- [Given information]:

Lemma near_same_side (R : realDomainType) (x y k d : R) :
  d <= `|x - k| -> `|y - x| < d -> (k < y) = (k < x) /\ y != k.
Proof.
move=> dx; rewrite ltr_norml => /andP[yx1 yx2].
have [kx|xk] := lerP k x.
  move: dx; rewrite ger0_norm ?subr_ge0 // => dx.
  have ky : k < y by lra.
  by rewrite ky gt_eqF //; split => //; apply/esym; lra.
move: dx; rewrite ltr0_norm ?subr_lt0 // => dx.
have yk : y < k by lra.
by rewrite (lt_gtF yk) (lt_gtF xk) lt_eqF.
Qed.

Section Facet.
Variables (R : realType) (n m : nat).
Local Notation V := 'rV[R]_(n.+1).
Local Notation C := (@cat_complement R n m).

Lemma complement_margin x : C x -> exists2 d, 0 < d &
  forall (c e : 'I_n.+1) k, (c < e)%N -> (k <= m)%N -> d <= `|proot x c e - k%:R|.
Proof.
move=> Cx.
pose F (t : 'I_n.+1 * 'I_n.+1 * 'I_m.+1) : R :=
  if (t.1.1 < t.1.2)%N then `|proot x t.1.1 t.1.2 - (t.2 : nat)%:R| else 1.
exists (\big[Order.min/1]_t F t) => [|c e k ce km].
  apply/bigmin_gtP; split=> [|[[c e] k] _]; first exact: ltr01.
  rewrite /F /=; case: ifP => // ce.
  by rewrite normr_gt0 subr_eq0 (complement_proot_neq Cx ce) // -ltnS.
by have := bigmin_le 1 ((c, e), Ordinal (km : (k < m.+1)%N)) F; rewrite /F /= ce.
Qed.

Definition coweight (i : 'I_n) : V := center (fun c : 'I_n.+1 => ((c <= i)%N)%:R).

Lemma proot_coweight i c e :
  proot (coweight i) c e = ((c <= i)%N)%:R - ((e <= i)%N)%:R :> R.
Proof. exact: proot_center. Qed.

Lemma coweight_co_le1 i c : `|co (coweight i) c| <= 1.
Proof.
have ind01 (b : 'I_n.+1) : 0 <= (((b <= i)%N)%:R : R) <= 1.
  by case: (b <= i)%N; rewrite ?lexx ?ler01.
rewrite /co mxE; set M := _ / _.
suff : 0 <= M <= 1.
  by move: (ind01 c) => /andP[? ?] /andP[? ?]; rewrite ler_norml; apply/andP; split; lra.
have n0 : 0 < n.+1%:R :> R by rewrite ltr0n.
have S0 : 0 <= \sum_(b < n.+1) ((b <= i)%N)%:R :> R.
  by apply: sumr_ge0 => b _; case/andP: (ind01 b).
rewrite /M divr_ge0 ?ler0n //= ler_pdivrMr // mul1r -[n.+1 in X in _ <= X]card_ord -sumr_const.
by apply: ler_sum => b _; case/andP: (ind01 b).
Qed.
(* Let $R_1,R_2,S_1,S_2$ be positive semidefinite $n\times n$ matrices such that $R_1R_2=R_2R_1$ and $S_1S_2=S_2S_1$. Then for every $k=1,\dots,n$, $$\prod_{i=1}^k\lambda_i\big(R_1^{1/2}R_2^{1/2}\,S_1^{1/2}S_2^{1/2}\big)\le \prod_{i=1}^k\lambda_i^{1/2}(R_1S_1)\,\lambda_i^{1/2}(S_2R_2).$$
   Context: For a matrix $X$ with real nonnegative spectrum, $\lambda_1(X)\ge\lambda_2(X)\ge\dots\ge\lambda_n(X)$ denote its eigenvalues sorted non-increasingly. *)

From HB Require Import structures.
From mathcomp Require Import all_boot all_order all_algebra.
From mathcomp Require Import complex.
From mathcomp Require Import reals.
From Stdlib Require Import ClassicalEpsilon.
Set Implicit Arguments. Unset Strict Implicit. Unset Printing Implicit Defensive.
Import Order.TTheory GRing.Theory Num.Theory.
Local Open Scope ring_scope.

Definition ctrmx {C : numClosedFieldType} {m n : nat} (A : 'M[C]_(m, n)) : 'M[C]_(n, m) :=
  (map_mx Num.conj A)^T.

Definition psd {C : numClosedFieldType} {n : nat} (A : 'M[C]_n) : Prop :=
  ctrmx A = A /\ forall x : 'cV[C]_n, 0 <= (ctrmx x *m A *m x) 0 0.

(* The positive semidefinite square root A^{1/2}: the (unique) psd B with
   B * B = A; defined by choice (0 if A has no psd square root, which never
   happens for psd A). *)
Definition psd_sqrt {C : numClosedFieldType} {n : nat} (A : 'M[C]_n) : 'M[C]_n :=
  epsilon (inhabits 0) (fun B : 'M[C]_n => psd B /\ B *m B = A).

(* The eigenvalues of A, listed with algebraic multiplicity: the roots of the
   characteristic polynomial. *)
Definition spectrum {C : numClosedFieldType} {n : nat} (A : 'M[C]_n) : seq C :=
  sval (closed_field_poly_normal (char_poly A)).

(* Eigenvalues sorted non-increasingly (meaningful when the spectrum is real);
   eig A i = lambda_{i+1}(A) (0-based index). *)
Definition eig {C : numClosedFieldType} {n : nat} (A : 'M[C]_n) (i : nat) : C :=
  nth 0 (sort (fun x y : C => y <= x) (spectrum A)) i.

From HB Require Import structures.
From mathcomp Require Import all_boot all_order all_algebra perm.
From mathcomp Require Import complex.
From mathcomp Require Import reals.
From mathcomp Require Import zify.
From Stdlib Require Import ClassicalEpsilon.
Set Implicit Arguments. Unset Strict Implicit. Unset Printing Implicit Defensive.
Import Order.TTheory GRing.Theory Num.Theory.
Local Open Scope ring_scope.
(* Let $n\ge3$ and let $G$ be a spanning subgraph of $CT_n$ containing no cycle of length $6$. Then for every edge $e$ of $CT_n$ there are at most two $4$-cycles $H$ of $CT_n$ with $e\in E(H)$ such that the three edges of $H$ other than $e$ all belong to $G$.
   Context: $CT_n$ is the graph with vertex set the symmetric group $\mathrm{S}_n$ on $\{1,\dots,n\}$ in which $\{x,y\}$ is an edge iff $yx^{-1}$ is a transposition. *)

From mathcomp Require Import all_boot all_fingroup.
Set Implicit Arguments. Unset Strict Implicit. Unset Printing Implicit Defensive.
Local Open Scope group_scope.

Definition is_transposition (n : nat) (z : {perm 'I_n}) : bool :=
  [exists i : 'I_n, exists j : 'I_n, (i != j) && (z == tperm i j)].

(* Adjacency of CT_n: {x,y} is an edge iff y x^{-1} is a transposition.
   In mathcomp, (x^-1 * y) is the map a |-> y (x^-1 a), i.e. y o x^{-1}. *)
Definition CT (n : nat) : rel {perm 'I_n} :=
  fun x y => is_transposition (x^-1 * y).

Definition is_edge_of (n : nat) (g : rel {perm 'I_n}) (f : {set {perm 'I_n}}) : bool :=
  [exists u, exists v, (f == [set u; v]) && g u v].

Definition cyc4_edges (n : nat) (a b c d : {perm 'I_n}) : {set {set {perm 'I_n}}} :=
  [set [set a; b]; [set b; c]; [set c; d]; [set d; a]].

Definition is_C4_of_CT (n : nat) (H : {set {set {perm 'I_n}}}) : bool :=
  [exists a, exists b, exists c, exists d,
     [&& uniq [:: a; b; c; d], CT a b, CT b c, CT c d, CT d a
       & H == cyc4_edges a b c d]].

Definition has_C6 (n : nat) (g : rel {perm 'I_n}) : Prop :=
  exists v : 'I_6 -> {perm 'I_n},
    injective v /\ forall i : 'I_6, g (v i) (v (ordS i)).

From mathcomp Require Import all_boot all_fingroup.
Set Implicit Arguments. Unset Strict Implicit. Unset Printing Implicit Defensive.
Local Open Scope group_scope.

(* A 4-cycle H of CT_n through the edge xy whose three other
   edges lie in G is the cycle of a G-path x - a - b - y, and distinct such H
   give distinct pairs (a, b).
   1. Two such paths with a <> a' and b <> b' close up into the 6-cycle
      x a b y b' a' of G (a <> b' and b <> a' since CT_n is bipartite: every
      edge changes the parity of the permutation).  So in a C6-free G any two
      pairs agree in exactly one coordinate.
   2. Then three distinct pairs share the same coordinate: a common a with
      three distinct b's, or a common b with three distinct a's.
   3. In the first case a and y have four common neighbours x, b1, b2, b3 in
      CT_n (the second case is symmetric).  But two distinct permutations u, w
      have at most three common neighbours: u^-1 w is a product t t' of two
      transpositions, and such a product has at most three possible first
      factors t. *)

Lemma uniq4P (T : eqType) (p q r s : T) :
  reflect [/\ p != q, p != r, p != s & [/\ q != r, q != s & r != s]]
          (uniq [:: p; q; r; s]).
Proof.
rewrite /= !inE !negb_or !andbT -!andbA.
by apply: (iffP idP) => [/and5P[? ? ? ? /andP[]]|[-> -> -> [-> -> ->]]].
Qed.

Lemma set2_eq (T : finType) (u v a b : T) :
  [set u; v] = [set a; b] -> (a = u /\ b = v) \/ (a = v /\ b = u).
Proof.
move=> E; have /set2P ha : a \in [set u; v] by rewrite E set21.
have /set2P hb : b \in [set u; v] by rewrite E set22.
have /set2P hu : u \in [set a; b] by rewrite -E set21.
have /set2P hv : v \in [set a; b] by rewrite -E set22.
by case: ha hb hu hv => ? [] ? [] ? [] ?; subst; tauto.
Qed.

Section ProductsOfTwoTranspositions.
Variable T : finType.
Implicit Types (a b c d i j k l p q r z : T).

Lemma tperm_moved a b z : tperm a b z != z -> (z == a) || (z == b).
Proof. by case: tpermP => [->|->|]; rewrite ?eqxx ?orbT. Qed.

Lemma tperm_moves_at_most_two c d z1 z2 z3 : z1 != z2 -> z2 != z3 -> z1 != z3 ->
  tperm c d z1 != z1 -> tperm c d z2 != z2 -> tperm c d z3 != z3 -> False.
Proof.
move=> h12 h23 h13 /tperm_moved/orP[]/eqP e1 /tperm_moved/orP[]/eqP e2
  /tperm_moved/orP[]/eqP e3; subst; by rewrite ?eqxx in h12 h23 h13.
Qed.

Lemma mul_tperm_moves_first a b c d : a != b -> tperm a b * tperm c d != 1 ->
  (tperm a b * tperm c d) a != a.
Proof.
move=> hab; apply: contra; rewrite permM tpermL => /eqP e.
suff -> : tperm c d = tperm a b by rewrite tperm2.
have : tperm c d b != b by rewrite e.
move=> /tperm_moved/orP[]/eqP eb.
  by rewrite eb tpermL in e; rewrite eb e tpermC.
by rewrite eb tpermR in e; rewrite eb e.
Qed.

Lemma mul_tperm_moves a b c d : a != b -> tperm a b * tperm c d != 1 ->
  (tperm a b * tperm c d) a != a /\ (tperm a b * tperm c d) b != b.
Proof.
move=> hab h1; split; first exact: mul_tperm_moves_first.
by rewrite tpermC in h1 *; apply: mul_tperm_moves_first; rewrite // eq_sym.
Qed.

Lemma mul_tperm_support i j k l z :
  (tperm i j * tperm k l) z != z -> z \in [:: i; j; k; l].
Proof.
apply: contraR; rewrite !inE !negb_or => /and4P[zi zj zk zl].
by rewrite permM !tpermD // eq_sym.
Qed.

Lemma first_factor_support i j k l a b c d : a != b ->
  tperm i j * tperm k l != 1 -> tperm i j * tperm k l = tperm a b * tperm c d ->
  (a \in [:: i; j; k; l]) && (b \in [:: i; j; k; l]).
Proof.
move=> hab n1 E; rewrite E in n1.
have [ma mb] := mul_tperm_moves hab n1; rewrite -E in ma mb.
by rewrite !mul_tperm_support.
Qed.

Ltac eval_tperms := repeat (match goal with
 | |- context [?x == ?x] => rewrite eqxx
 | H : is_true (?x != ?y) |- context [?x == ?y] => rewrite (negbTE H)
 | H : is_true (?y != ?x) |- context [?x == ?y] => rewrite (eq_sym x y) (negbTE H)
 end; rewrite /=).

(* For disjoint (i j), (k l), the only ways to write (i j)(k l) as a product of
   two transpositions start with (i j) or (k l): a "crossing" first factor such
   as (i k) would leave a second factor moving three points. *)
Lemma first_factor_disjoint i j k l a b c d :
  uniq [:: i; j; k; l] -> a != b ->
  tperm i j * tperm k l = tperm a b * tperm c d ->
  tperm a b \in [:: tperm i j; tperm k l].
Proof.
move=> /uniq4P[hij hik hil [hjk hjl hkl]] hab E.
have n1 : tperm i j * tperm k l != 1.
  apply: contraNneq hij => /permP/(_ i).
  by rewrite permM tpermL tpermD 1?eq_sym // perm1 => ->.
have /andP[ha hb] := first_factor_support hab n1 E; rewrite !inE in ha hb.
have Ecd z : tperm c d z = (tperm i j * tperm k l) (tperm a b z).
  by rewrite E permM tpermK.
have moves3 : tperm c d i != i -> tperm c d j != j -> tperm c d k != k -> False.
  exact: tperm_moves_at_most_two.
rewrite -[tperm a b \in _]orbb {2}tpermC.
case/or4P: ha => /eqP ea; case/or4P: hb => /eqP eb; subst a b;
  rewrite !inE ?eqxx ?orbT //; try by rewrite eqxx in hab.
all: by exfalso; apply: moves3; rewrite !Ecd !permM !permE /=; eval_tperms.
Qed.

Lemma first_factor_triple p q r a b : a != b ->
  a \in [:: p; q; r] -> b \in [:: p; q; r] ->
  tperm a b \in [:: tperm p q; tperm q r; tperm p r].
Proof.
move=> hab ha hb; rewrite -[tperm a b \in _]orbb {2}tpermC.
move: ha hb; rewrite !inE => /or3P[]/eqP ea /or3P[]/eqP eb; subst a b;
  by rewrite ?eqxx ?orbT //; rewrite eqxx in hab.
Qed.

(* If (i j) and (k l) overlap, the product is supported on three points, so
   at most three first factors are possible. *)
Lemma first_factors_overlap i j k l : i != j -> k != l ->
  tperm i j * tperm k l != 1 -> k \in [:: i; j] ->
  exists2 s : seq {perm T}, size s <= 3 & forall a b c d, a != b ->
    tperm i j * tperm k l = tperm a b * tperm c d -> tperm a b \in s.
Proof.
move=> hij hkl n1 hk.
have hl : l \notin [:: i; j].
  apply: contra n1 => hl; move: hk hl hkl; rewrite !inE => /orP[]/eqP-> /orP[]/eqP->;
    by rewrite ?eqxx // tpermC tperm2.
exists [:: tperm i j; tperm j l; tperm i l] => // a b c d hab E.
have /andP[ha hb] := first_factor_support hab n1 E.
have sub z : z \in [:: i; j; k; l] -> z \in [:: i; j; l].
  by move: hk; rewrite !inE => /orP[]/eqP-> /or4P[]->; rewrite ?orbT.
exact: first_factor_triple hab (sub a ha) (sub b hb).
Qed.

- [Work instructions]: Every line above that contains the word "sorted" should be reported.

- [Solution to this problem]:
   Context: For a matrix $X$ with real nonnegative spectrum, $\lambda_1(X)\ge\lambda_2(X)\ge\dots\ge\lambda_n(X)$ denote its eigenvalues sorted non-increasingly. *)
(* Eigenvalues sorted non-increasingly (meaningful when the spectrum is real);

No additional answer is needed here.